● WORK TO COMPLETE
Let your answer be the line containing "Variable C : numClosedFieldType." and every line below it to the end of the records, copied exactly.

*** RECORDS Section Begins ***

(* Let $\mathbf A\in\mathbb C^{m\times n}$, $\mathbf B\in\mathbb C^{s\times n}$, let $\mathbf X_{LS}=(x_{ij})\in\mathbb C^{s\times m}$ be the minimum norm least squares solution of $\mathbf X\mathbf A=\mathbf B$, and let $\check{\mathbf B}=\mathbf B\mathbf A^{*}$ with $i$-th row $\check{\mathbf b}_{i.}$. (i) If $\operatorname{rank}\mathbf A=r\le n<m$, then for all $i=1,\dots,s$, $j=1,\dots,m$, \[x_{ij}=\frac{\sum_{\alpha\in I_{r,m}\{j\}}\left|\left((\mathbf A\mathbf A^{*})_{j.}(\check{\mathbf b}_{i.})\right)^{\alpha}_{\alpha}\right|}{\sum_{\alpha\in I_{r,m}}\left|(\mathbf A\mathbf A^{*})^{\alpha}_{\alpha}\right|}.\] (ii) If $\operatorname{rank}\mathbf A=m$, then for all $i=1,\dots,s$, $j=1,\dots,m$, $x_{ij}=\dfrac{\det\left((\mathbf A\mathbf A^{*})_{j.}(\check{\mathbf b}_{i.})\right)}{\det(\mathbf A\mathbf A^{*})}$.
   Context: $\mathbf X_{LS}$ is the matrix of minimal Frobenius norm among all $\mathbf X\in\mathbb C^{s\times m}$ minimizing the Frobenius norm $\|\mathbf X\mathbf A-\mathbf B\|$. $\mathbf M_{j.}(\mathbf c)$ denotes $\mathbf M$ with its $j$-th row replaced by the row vector $\mathbf c$. $I_{r,m}$ is the set of strictly increasing sequences of $r$ elements of $\{1,\dots,m\}$, $I_{r,m}\{j\}=\{\alpha\in I_{r,m}:j\in\alpha\}$, $\mathbf M^{\alpha}_{\alpha}$ is the principal submatrix indexed by $\alpha$, $|\cdot|$ is the determinant. *)

(* Complex scalars: an arbitrary numClosedFieldType C
   (e.g. complex R for R : rcfType, i.e. the complex numbers). *)
From mathcomp Require Import all_boot all_order all_algebra.
Set Implicit Arguments. Unset Strict Implicit. Unset Printing Implicit Defensive.
Import Order.TTheory GRing.Theory Num.Theory.
Local Open Scope ring_scope.

Section Defs.
Variable C : numClosedFieldType.

Definition ctmx {m n} (A : 'M[C]_(m, n)) : 'M[C]_(n, m) :=
  \matrix_(i, j) (A j i)^*.

Definition frob {m n} (M : 'M[C]_(m, n)) : C :=
  sqrtC (\sum_i \sum_j `|M i j| ^+ 2).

*** RECORDS Section Ends ***

● WRITTEN ANSWER
Variable C : numClosedFieldType.

Definition ctmx {m n} (A : 'M[C]_(m, n)) : 'M[C]_(n, m) :=
  \matrix_(i, j) (A j i)^*.

Definition frob {m n} (M : 'M[C]_(m, n)) : C :=
  sqrtC (\sum_i \sum_j `|M i j| ^+ 2).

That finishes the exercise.